The NASA Hubble Space Telescope image above shows the center of the giant galaxy cluster Abell 1689, containing about 1,000 galaxies and trillions of stars. Two billion light-years away, Abell 1689 is one of the most massive objects in the Universe. In this view from the Hubble Space Telescope's Advanced Camera for Surveys, the Abell cluster is seen to warp space as predicted by Einstein's theory of gravity -- bending light from individual galaxies which lie behind the cluster to produce multiple, curved images. The power of this enormous gravitational lens depends on its mass, but the visible matter, in the form of the cluster's yellowish galaxies, only accounts for about one percent of the mass needed to make the observed bluish arcing images of background galaxies.
Scientists have recently theorized that invisible dark matter could warm millions of starless planets in regions such as Abell 1689 and make them habitable.
Scientists think the invisible, as-yet-unidentified dark matter which we know exists because of the gravitational effects it has on galaxies, makes up about 85 percent of all matter in the universe.

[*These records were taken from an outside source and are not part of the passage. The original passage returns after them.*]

Lemma lorentz_integral_le c b lo hi : 0 < b ->
  (atan (sqrt b * (hi - c)) - atan (sqrt b * (lo - c))) / sqrt b <= PI / sqrt b.
Proof.
  intros Hb. pose proof (sqrt_lt_R0 b Hb).
  pose proof (atan_bound (sqrt b * (hi - c))). pose proof (atan_bound (sqrt b * (lo - c))).
  unfold Rdiv. apply Rmult_le_compat_r; [left; apply Rinv_0_lt_compat|]; lra.
Qed.

(* On [0, 2 PI] the function [1 / (1 + g sin^2 t)] is dominated by Lorentz
   peaks at the three zeros [0], [PI], [2 PI] of [sin]. *)
Lemma inv_1_plus_sin2_le_lorentz g t : 0 < g -> 0 <= t <= 2 * PI ->
  / (1 + g * sin t ^ 2) <=
    lorentz 0 (g / 9) t + lorentz PI (g / 9) t + lorentz (2 * PI) (g / 9) t.
Proof.
  intros Hg Ht.
  assert (Hpeak : forall c, Rabs (t - c) <= PI / 2 -> sin t ^ 2 = sin (t - c) ^ 2 ->
                  / (1 + g * sin t ^ 2) <= lorentz c (g / 9) t).
  { intros c Hc Hs. unfold lorentz. rewrite Hs.
    pose proof (sin_sqr_ge (t - c) Hc). pose proof (pow2_ge_0 (t - c)).
    apply Rinv_le_contravar; [nra|]. nra. }
  pose proof (lorentz_pos 0 (g / 9) t ltac:(lra)).
  pose proof (lorentz_pos PI (g / 9) t ltac:(lra)).
  pose proof (lorentz_pos (2 * PI) (g / 9) t ltac:(lra)).
  destruct (Rle_dec t (PI / 2)); [|destruct (Rle_dec t (3 * (PI / 2)))].
  - assert (/ (1 + g * sin t ^ 2) <= lorentz 0 (g / 9) t).
    { apply Hpeak; [apply Rabs_le; lra | now rewrite Rminus_0_r]. }
    lra.
  - assert (/ (1 + g * sin t ^ 2) <= lorentz PI (g / 9) t).
    { apply Hpeak; [apply Rabs_le; lra |]. rewrite sin_minus, sin_PI, cos_PI. ring. }
    lra.
  - assert (/ (1 + g * sin t ^ 2) <= lorentz (2 * PI) (g / 9) t).
    { apply Hpeak; [apply Rabs_le; lra |]. rewrite sin_minus, sin_2PI, cos_2PI. ring. }
    lra.
Qed.

Lemma ex_RInt_inv_1_plus_sin2 g a b : 0 <= g -> ex_RInt (fun t => / (1 + g * sin t ^ 2)) a b.
Proof.
  intros Hg. apply ex_RInt_of_continuous. intros z. apply continuous_of_ex_derive.
  auto_derive. pose proof (pow2_ge_0 (sin z)). simpl in *. nra.
Qed.

Lemma RInt_inv_1_plus_sin2_le g : 0 < g ->
  RInt (fun t => / (1 + g * sin t ^ 2)) 0 (2 * PI) <= 9 * PI / sqrt g.
Proof.
  intros Hg. pose proof PI_RGT_0.
  assert (Hb : 0 < g / 9) by lra.
  assert (Hsqrt : sqrt (g / 9) = sqrt g / 3).
  { replace (g / 9) with (g * / 3 ^ 2) by field.
    rewrite sqrt_mult_alt, sqrt_inv, sqrt_pow2 by lra. field. }
  pose proof (sqrt_lt_R0 g Hg).
  set (v := fun c =>
    (atan (sqrt (g / 9) * (2 * PI - c)) - atan (sqrt (g / 9) * (0 - c))) / sqrt (g / 9)).
  apply Rle_trans with (v 0 + v PI + v (2 * PI)).
  - apply (is_RInt_le (fun t => / (1 + g * sin t ^ 2))
             (fun t => lorentz 0 (g / 9) t + lorentz PI (g / 9) t + lorentz (2 * PI) (g / 9) t)
             0 (2 * PI) _ (v 0 + v PI + v (2 * PI))); [lra | | |].
    + apply (RInt_correct (V := R_CompleteNormedModule)), ex_RInt_inv_1_plus_sin2. lra.
    + apply (is_RInt_plus (V := R_NormedModule));
        [apply (is_RInt_plus (V := R_NormedModule)) |]; apply is_RInt_lorentz; exact Hb.
    + intros x Hx. apply inv_1_plus_sin2_le_lorentz; lra.
  - pose proof (lorentz_integral_le 0 (g / 9) 0 (2 * PI) Hb).
    pose proof (lorentz_integral_le PI (g / 9) 0 (2 * PI) Hb).
    pose proof (lorentz_integral_le (2 * PI) (g / 9) 0 (2 * PI) Hb).
    unfold v. rewrite Hsqrt in *.
    replace (9 * PI / sqrt g) with (3 * (PI / (sqrt g / 3))) by (field; lra).
    lra.
Qed.

(* [cos^2 = 1 - sin^2 <= 1 / (1 + sin^2 / 2)^2], then Bernoulli's inequality. *)
Lemma Rabs_cos_pow_le n t : Rabs (cos t) ^ n <= / (1 + (INR n / 2) * sin t ^ 2).
Proof.
  set (s2 := sin t ^ 2). set (c := Rabs (cos t)).
  assert (Hc2 : c ^ 2 = 1 - s2).
  { unfold c, s2. rewrite pow2_abs. pose proof (sin2_cos2 t). unfold Rsqr in *. simpl. nra. }
  assert (Hs : 0 <= s2) by apply pow2_ge_0.
  assert (Hc : 0 <= c) by apply Rabs_pos.
  assert (Hcs : c * (1 + s2 / 2) <= 1).
  { assert ((c * (1 + s2 / 2)) ^ 2 <= 1).
    { replace ((c * (1 + s2 / 2)) ^ 2) with (c ^ 2 * (1 + s2 / 2) ^ 2) by ring. rewrite Hc2. nra. }
    nra. }
  apply Rle_trans with ((/ (1 + s2 / 2)) ^ n).
  - apply pow_incr. split; [lra|].
    apply Rmult_le_reg_r with (1 + s2 / 2); [lra|]. rewrite Rinv_l by lra. lra.
  - rewrite pow_inv. apply Rinv_le_contravar; [pose proof (pos_INR n); nra|].
    replace (INR n / 2 * s2) with (INR n * (s2 / 2)) by field. apply Rle_pow_lin. lra.
Qed.

Lemma cos_moment_le_inv_sqrt n k : (1 <= n)%nat -> cos_moment n k <= 9 * PI / sqrt (INR n / 2).
Proof.
  intros Hn. assert (Hg : 0 < INR n / 2) by (apply le_INR in Hn; simpl in Hn; lra).
  eapply Rle_trans; [|apply (RInt_inv_1_plus_sin2_le _ Hg)].
  unfold cos_moment. pose proof PI_RGT_0.
  apply RInt_le; [lra | apply ex_RInt_cos_moment | apply ex_RInt_inv_1_plus_sin2; lra |].
  intros x _. eapply Rle_trans; [|apply Rabs_cos_pow_le].
  eapply Rle_trans; [apply Rle_abs|]. rewrite Rabs_mult, RPow_abs.
  pose proof (COS_bound (IZR k * x)). assert (Rabs (cos (IZR k * x)) <= 1) by (apply Rabs_le; lra).
  pose proof (Rabs_pos (cos x ^ n)). pose proof (Rabs_pos (cos (IZR k * x))). nra.
Qed.

(** * Functions with positive cosine moments *)

Definition cos_moment_w (F : R -> R) (m : nat) (k : Z) : R :=
  RInt (fun t => cos (IZR k * t) * cos t ^ m * F t) 0 (2 * PI).

(* Multiplying [F] by a power series in [cos t] with nonnegative coefficients
   preserves this property, since [cos^j] only shifts the moments. *)
Definition cos_positive (F : R -> R) : Prop :=
  (forall m k, 0 <= cos_moment_w F m k) /\ (forall k, 0 < cos_moment_w F (Z.abs_nat k) k).

Lemma cos_positive_ext (F G : R -> R) :
  (forall t, F t = G t) -> cos_positive F -> cos_positive G.
Proof.
  intros HFG [Hge Hgt].
  assert (E : forall m k, cos_moment_w G m k = cos_moment_w F m k).
  { intros m k. apply RInt_ext. intros t _. now rewrite HFG. }
  split; intros; rewrite E; auto.
Qed.

Lemma cos_positive_1 : cos_positive (fun _ => 1).
Proof.
  assert (E : forall m k, cos_moment_w (fun _ => 1) m k = cos_moment m k).
  { intros m k. apply RInt_ext. intros t _. apply Rmult_1_r. }
  split; intros; rewrite E; [apply cos_moment_ge_0 | apply cos_moment_abs_gt_0].
Qed.

Lemma is_RInt_mult_cos_Series (F : R -> R) (p : nat -> R) (G : R -> R) m k :
  (forall t, continuous F t) -> (forall t, Rabs (F t) <= 1) ->
  (forall j, 0 <= p j) -> ex_series p ->
  (forall t, G t = Series (fun j => p j * cos t ^ j)) ->
  ex_series (fun j => p j * cos_moment_w F (m + j) k) /\
  is_RInt (fun t => cos (IZR k * t) * cos t ^ m * (F t * G t)) 0 (2 * PI)
    (Series (fun j => p j * cos_moment_w F (m + j) k)).
Proof.
  intros HFc HFb Hp Hps HG. pose proof PI_RGT_0.
  destruct (is_RInt_Series (fun j t => p j * (cos (IZR k * t) * cos t ^ (m + j) * F t)) p 0 (2 * PI)
              (fun j => p j * cos_moment_w F (m + j) k)) as [Hex HI]; [lra | | exact Hps | |].
  - intros j t _. rewrite Rabs_mult, (Rabs_right (p j)) by (apply Rle_ge; auto).
    rewrite <- (Rmult_1_r (p j)) at 2. apply Rmult_le_compat_l; [auto|].
    rewrite Rabs_mult, <- (Rmult_1_r 1).
    apply Rmult_le_compat; try apply Rabs_pos; auto. apply Rabs_cos_mult_cos_pow_le.
  - intros j. apply (is_RInt_scal (V := R_NormedModule)).
    apply (RInt_correct (V := R_CompleteNormedModule)), ex_RInt_of_continuous. intros z.
    apply (continuous_mult_R (fun t => cos (IZR k * t) * cos t ^ (m + j)) F); [|apply HFc].
    apply continuous_of_ex_derive. auto_derive. auto.
  - split; [exact Hex|]. eapply is_RInt_ext; [|exact HI]. intros t _. cbv beta.
    rewrite HG, <- !Series_scal_l. apply Series_ext. intros j. rewrite pow_add. ring.
Qed.

Lemma cos_positive_mult_Series (F : R -> R) (p : nat -> R) (G : R -> R) :
  cos_positive F -> (forall t, continuous F t) -> (forall t, Rabs (F t) <= 1) ->
  (forall j, 0 <= p j) -> 0 < p 0%nat -> ex_series p ->
  (forall t, G t = Series (fun j => p j * cos t ^ j)) ->
  cos_positive (fun t => F t * G t).
Proof.
  intros [Hge Hgt] HFc HFb Hp Hp0 Hps HG.
  assert (Hsum : forall m k, cos_moment_w (fun t => F t * G t) m k =
                   Series (fun j => p j * cos_moment_w F (m + j) k)).
  { intros m k. apply is_RInt_unique, (is_RInt_mult_cos_Series F p G); auto. }
  assert (Hterm : forall m k j, 0 <= p j * cos_moment_w F (m + j) k).
  { intros. apply Rmult_le_pos; auto. }
  assert (Hex : forall m k, ex_series (fun j => p j * cos_moment_w F (m + j) k)).
  { intros m k. apply (is_RInt_mult_cos_Series F p G); auto. }
  split.
  - intros m k. rewrite Hsum.
    apply Rle_trans with (p 0%nat * cos_moment_w F (m + 0) k); [apply Hterm|].
    apply (Series_ge_term (fun j => p j * cos_moment_w F (m + j) k)); auto.
  - intros k. rewrite Hsum.
    apply Rlt_le_trans with (p 0%nat * cos_moment_w F (Z.abs_nat k + 0) k).
    + rewrite Nat.add_0_r. apply Rmult_lt_0_compat; auto.
    + apply (Series_ge_term (fun j => p j * cos_moment_w F (Z.abs_nat k + j) k)); auto.
Qed.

Current prime candidates for what dark matter might be are massive particles that only rarely interact with normal matter. These particles could be their own antiparticles, meaning they annihilate each other when they meet, releasing energy. These invisible particles could get captured by a planet's gravity and unleash energy that could warm that world, according to physicist Dan Hooper and astrophysicist Jason Steffen at the Fermi National Accelerator Laboratory in a 2011 study.

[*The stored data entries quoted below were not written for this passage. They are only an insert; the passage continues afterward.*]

Lemma row_free_tail_bound n r k (F : 'M[C]_(r, n)) (N : 'M[C]_n) (e : C) :
    row_free F -> (forall x : 'rV_n, sqnorm (x *m N^T) = sqnorm x) ->
    (k < r)%N -> (k <= n)%N -> (forall l, tail (row l F *m N^T) k <= e) ->
  1 <= 2 ^+ (n + r) * frobenius (pinvmx F) * e.
Proof.
move=> Ffree Niso lt_kr le_kn tail_le; set Y := F *m N^T.
pose Z : 'M_(r, k) := \matrix_(l, i) Y l (widen_ord le_kn i).
have [a aZ a_neq0] : exists2 a : 'rV_r, a *m Z = 0 & a != 0.
  have /rowV0Pn[a /sub_kermxP aZ a_neq0] : kermx Z != 0.
    by rewrite kermx_eq0 /row_free neq_ltn (leq_ltn_trans (rank_leq_col Z)).
  by exists a.
have aY_head (i : 'I_n) : (i < k)%N -> (a *m Y) 0 i = 0.
  move=> lt_ik; transitivity ((a *m Z) 0 (Ordinal lt_ik)); last by rewrite aZ mxE.
  rewrite [LHS]mxE [RHS]mxE; apply: eq_bigr => l _.
  by rewrite [Z l _]mxE; congr (_ * Y l _); apply: val_inj.
set x := a *m F.
have le_a : sqnorm a <= 2 ^+ n * sqnorm x * frobenius (pinvmx F).
  by rewrite -[a](row_free_inj Ffree (mulmxKpV (submxMl a F))) sqnorm_mulmx_le.
have le_x : sqnorm x <= 2 ^+ r * sqnorm a * e.
  rewrite -Niso -mulmxA -/Y.
  have -> : sqnorm (a *m Y) = \sum_(i < n | (k <= i)%N) `|(a *m Y) 0 i| ^+ 2.
    rewrite /sqnorm (bigID (fun i : 'I_n => (k <= i)%N)) /= addrC big1 ?add0r //.
    by move=> i; rewrite -ltnNge => /aY_head ->; rewrite normr0 expr0n.
  apply: le_trans (sum_sqr_mulmx_le _ _ _) _; rewrite -mulrA ler_wpM2l ?exprn_ge0 //.
  rewrite /sqnorm mulr_suml ler_sum // => l _; rewrite ler_wpM2l ?exprn_ge0 //.
  apply: le_trans (tail_le l); rewrite -row_mul /tail.
  by under [leRHS]eq_bigr do rewrite mxE.
have a_gt0 : 0 < sqnorm a by rewrite lt_def sqnorm_eq0 a_neq0 sqnorm_ge0.
rewrite -(ler_pMl _ a_gt0); apply: le_trans le_a _.
have -> : 2 ^+ (n + r) * frobenius (pinvmx F) * e * sqnorm a
          = 2 ^+ n * (2 ^+ r * sqnorm a * e) * frobenius (pinvmx F).
  by rewrite exprD; ring.
by rewrite ler_wpM2r ?frobenius_ge0 // ler_wpM2l ?exprn_ge0.
Qed.

End TailBound.

Section Configuration.
Variables (C : numClosedFieldType) (n m : nat) (P : 'I_m -> 'rV[C]_n.+1).

Definition subfamily r (g : 'I_r -> 'I_m) : 'M[C]_(r, n.+1) := \matrix_(i < r) P (g i).

Definition pinv_bound : C :=
  1 + \sum_(r < n.+2) \sum_(g : {ffun 'I_r -> 'I_m}) frobenius (pinvmx (subfamily g)).

(* Small enough to contradict [row_free_tail_bound] for every free subfamily. *)
Definition delta : C := (2 ^+ (n.+1 + n.+1).+1 * pinv_bound)^-1.

Lemma pinv_bound_ge1 : 1 <= pinv_bound.
Proof.
by rewrite lerDl; apply: sumr_ge0 => r _; apply: sumr_ge0 => g _; apply: frobenius_ge0.
Qed.

Lemma frobenius_pinvmx_le r (g : 'I_r -> 'I_m) : (r <= n.+1)%N ->
  frobenius (pinvmx (subfamily g)) <= pinv_bound.
Proof.
move=> le_rn; have -> : subfamily g = subfamily (finfun g).
  by apply/matrixP => i l; rewrite !mxE ffunE.
have ge0 r' (g' : {ffun 'I_r' -> 'I_m}) : 0 <= frobenius (pinvmx (subfamily g')).
  exact: frobenius_ge0.
rewrite /pinv_bound (bigD1 (Ordinal (le_rn : (r < n.+2)%N))) //= (bigD1 (finfun g)) //=.
rewrite [leRHS]addrC -!addrA lerDl !addr_ge0 ?sumr_ge0 // => r' _.
exact: sumr_ge0.
Qed.

Lemma delta_gt0_le1 : 0 < delta /\ delta <= 1.
Proof.
have ge1 : 1 <= 2 ^+ (n.+1 + n.+1).+1 * pinv_bound.
  by rewrite mulr_ege1 ?pinv_bound_ge1 // exprn_ege1 // ler1n.
have gt0 := lt_le_trans ltr01 ge1.
by rewrite invr_gt0 invf_le1 ?gt0.
Qed.

Lemma card_tail_lt_delta (N : 'M[C]_n.+1) k :
    (forall x : 'rV_n.+1, sqnorm (x *m N^T) = sqnorm x) -> (k <= n)%N ->
  (#|[set j | (tail (P j *m N^T) k.+1 < delta)%R]| <= phiv P k.+1)%N.
Proof.
move=> Niso le_kn; set S := [set j | _]; rewrite leqNgt; apply/negP => lt_phi_S.
pose A : 'M_(#|S|, n.+1) := \matrix_(i < #|S|) P (enum_val i).
have rk_A : (k.+1 < \rank A)%N.
  rewrite ltnNge; apply: contraL lt_phi_S => le_rk; rewrite -leqNgt.
  apply: (card_le_phiv (L := A)) => [j Sj|]; last by rewrite le_rk.
  by rewrite (_ : P j = row (enum_rank_in Sj j) A) ?row_sub // rowK enum_rankK_in.
pose g i := enum_val (maxrankfun A i).
have Fg : subfamily g = rowsub (maxrankfun A) A by apply/matrixP => i l; rewrite !mxE.
have tail_le l : tail (row l (rowsub (maxrankfun A) A) *m N^T) k.+1 <= delta.
  by rewrite -Fg rowK; have := enum_valP (maxrankfun A l); rewrite inE => /ltW.
have := row_free_tail_bound (maxrowsub_free A) Niso rk_A le_kn tail_le.
rewrite -Fg => ge1; suff : 2 ^+ (n.+1 + \rank A) * frobenius (pinvmx (subfamily g)) * delta < 1.
  by move/(le_lt_trans ge1); rewrite ltxx.
have [d_gt0 _] := delta_gt0_le1; have K_gt0 := lt_le_trans ltr01 pinv_bound_ge1.
apply: le_lt_trans (_ : _ <= 2 ^+ (n.+1 + n.+1) * pinv_bound * delta) _.
  apply: ler_wpM2r; first exact: ltW.
  apply: ler_pM; rewrite ?exprn_ge0 ?frobenius_ge0 //.
    by rewrite ler_eXn2l ?ltr1n // leq_add2l rank_leq_col.
  by rewrite frobenius_pinvmx_le ?rank_leq_col.
have -> : 2 ^+ (n.+1 + n.+1) * pinv_bound * delta = 2^-1.
  by rewrite /delta exprS; field; rewrite ?gt_eqF ?exprn_gt0.
by rewrite invf_lt1 ?ltr1n.
Qed.

End Configuration.

Lemma exists_threshold (C : numDomainType) (f : nat -> C) (d : C) n :
    (forall k, 0 <= f k) -> 0 < d -> d <= f 0 -> f n.+1 < d ->
  exists2 t, (t <= n)%N & d <= f t /\ f t.+1 < d.
Proof.
move=> f_ge0 d_gt0 le_d0; elim: n => [|n IH] lt_fn; first by exists 0%N.
have [le_dfn | lt_fnd] := boolP (d <= f n.+1); first by exists n.+1.
have [|t le_tn ft] := IH; last by exists t => //; apply: leqW.
by rewrite real_ltNge ?ger0_real // ltW.
Qed.

Section LowerBound.
Variables (C : numClosedFieldType) (n m : nat) (P : 'I_m -> 'rV[C]_n.+1).
Hypothesis P_unit : forall j, sqnorm (P j) = 1.

Lemma prod_weighted_sqnorm_ge (N : 'M[C]_n.+1) (lam : 'I_n.+1 -> C) :
    (forall x : 'rV_n.+1, sqnorm (x *m N^T) = sqnorm x) ->
    0 < lam ord0 -> (forall k l : 'I_n.+1, (k <= l)%N -> lam k <= lam l) ->
  delta P ^+ m * \prod_(k < n.+1) lam k ^+ (phiv P k.+1 - phiv P k)
    <= \prod_(j < m) \sum_k lam k * `|(P j *m N^T) 0 k| ^+ 2.
Proof.
move=> Niso lam0 lam_incr; have [d_gt0 d_le1] := delta_gt0_le1 P.
have lam_gt0 k : 0 < lam k by apply: lt_le_trans lam0 (lam_incr ord0 k (leq0n k)).
pose lamN i := lam (inord i).
have /fin_all_exists2[t t_le t_thr] j : exists2 t, (t <= n)%N &
    delta P <= tail (P j *m N^T) t /\ tail (P j *m N^T) t.+1 < delta P.
  apply: exists_threshold => // [k||]; first exact: tail_ge0.
    by rewrite tail0 Niso P_unit.
  by rewrite tail_size.
have P_neq0 j : P j != 0 by rewrite -sqnorm_eq0 P_unit oner_eq0.
have tail_ge j : delta P * lamN (t j) <= \sum_k lam k * `|(P j *m N^T) 0 k| ^+ 2.
  have := @weighted_sum_ge_tail _ _ lam (P j *m N^T) (inord (t j)).
  move=> /(_ (fun k => ltW (lam_gt0 k)) lam_incr); apply: le_trans.
  rewrite mulrC; apply: ler_wpM2l; first exact/ltW/lam_gt0.
  by rewrite inordK ?ltnS ?t_le //; case: (t_thr j).
apply: le_trans (_ : delta P ^+ m * \prod_(j < m) lamN (t j) <= _).
  apply: ler_wpM2l; first by rewrite exprn_ge0 ?ltW.
  have -> : \prod_(k < n.+1) lam k ^+ (phiv P k.+1 - phiv P k)
            = \prod_(0 <= i < n.+1) lamN i ^+ (phiv P i.+1 - phiv P i).
    by rewrite big_mkord; apply: eq_bigr => k _; rewrite /lamN inord_val.
  apply: ler_prod_threshold => // [i _ | i lt_in | k le_kn |]; first exact: lam_gt0.
  - by apply: lam_incr; rewrite !inordK // ltnS ltnW.
  - rewrite sum_phiv_diff // ?ltnS // (leq_trans _ (card_tail_lt_delta P Niso le_kn)) //.
    apply/subset_leq_card/subsetP => j; rewrite !inE => le_tk.
    by case: (t_thr j) => _; apply: le_lt_trans; apply: tail_decr.
  - by rewrite sum_phiv_diff // phiv_top.
have -> : delta P ^+ m = \prod_(j < m) delta P by rewrite prodr_const card_ord.
rewrite -big_split /=.
by apply: ler_prod => j _; rewrite tail_ge mulr_ge0 ?ltW ?lam_gt0.
Qed.

End LowerBound.

Theorem mainTheorem1 (R : realType) (n m : nat)
    (P : 'I_m -> 'rV[R[i]]_n.+1)
    (hnorm : forall j, (map_mx Num.conj (P j) *m (P j)^T) 0 0 = 1) :
  exists c : R, 0 < c /\
    forall (Q : 'M[R[i]]_n.+1) (lam : 'I_n.+1 -> R),
      map_mx Num.conj Q^T = Q ->
      (forall v : 'rV[R[i]]_n.+1, v != 0 -> 0 < herm_form Q v) ->
      char_poly Q = \prod_(k < n.+1) ('X - ((lam k)%:C)%C%:P) ->
      0 < lam ord0 ->
      (forall k l : 'I_n.+1, (k <= l)%N -> lam k <= lam l) ->
      ((c * \prod_(k < n.+1) lam k ^+ (phiv P k.+1 - phiv P k)%N)%:C)%C
        <= \prod_(j < m) herm_form Q (P j).
Proof.
have P_unit j : sqnorm (P j) = 1 by rewrite sqnormE hnorm.
have [d_gt0 _] := delta_gt0_le1 P.
have dE : delta P = ((complex.Re (delta P))%:C)%C.
  by rewrite [LHS]complexE (ger0_Im (ltW d_gt0)) mulr0 addr0.
have Re_gt0 : 0 < complex.Re (delta P) by rewrite -ltcR -dE.
exists (complex.Re (delta P) ^+ m); split; first exact: exprn_gt0.
move=> Q lam Qherm _ charQ lam0 lam_incr.
have [N Niso formE] := hermitian_eigen_coords Qherm charQ.
(* [formE] only matches [herm_form] up to conversion of the structure instances. *)
have formP j : herm_form Q (P j) = \sum_k (lam k)%:C%C * `|(P j *m N^T) 0 k| ^+ 2.
  exact: formE.
rewrite (eq_bigr _ (fun j _ => formP j)).
apply: le_trans (prod_weighted_sqnorm_ge P_unit Niso (lam := fun k => (lam k)%:C%C) _ _).
- rewrite rmorphM rmorphXn rmorph_prod dE.
  apply: ler_wpM2l; first by rewrite exprn_ge0 // ler0c ltW.
  by under eq_bigr do rewrite rmorphXn.
- by rewrite ltcR.
- by move=> k l /lam_incr; rewrite lecR.
Qed.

Hooper and Steffen's propose that rocky "super-Earths" in regions with high densities of slow-moving dark matter could be warmed enough to keep liquid water on their surfaces, even in the absence of additional energy from starlight or other sources.The density of dark matter is expected to be hundreds to thousands of times greater in the innermost regions of the Milky Way and in the cores of dwarf spheroidal galaxies than it is in our solar system.
The scientists concluded that on planets in dense "dark-matter" regions, it may be dark matter rather than light that creates the basic elements you need for organic life without a star."
Dark matter, the team believes, could keep the surfaces of such warm for trillions of years, outliving all regular stars and may ultimately prove to be the "dark" bastion of life in our universe.
"I imagine 10 trillion years in the future, when the universe has expanded beyond recognition and all the stars in our galaxy have long since burnt out, the only planets with any heat are these, and I could imagine that any civilization that survived over this huge stretch of time would start moving to these dark-matter-fueled planets," Hooper said in an interview with space.com.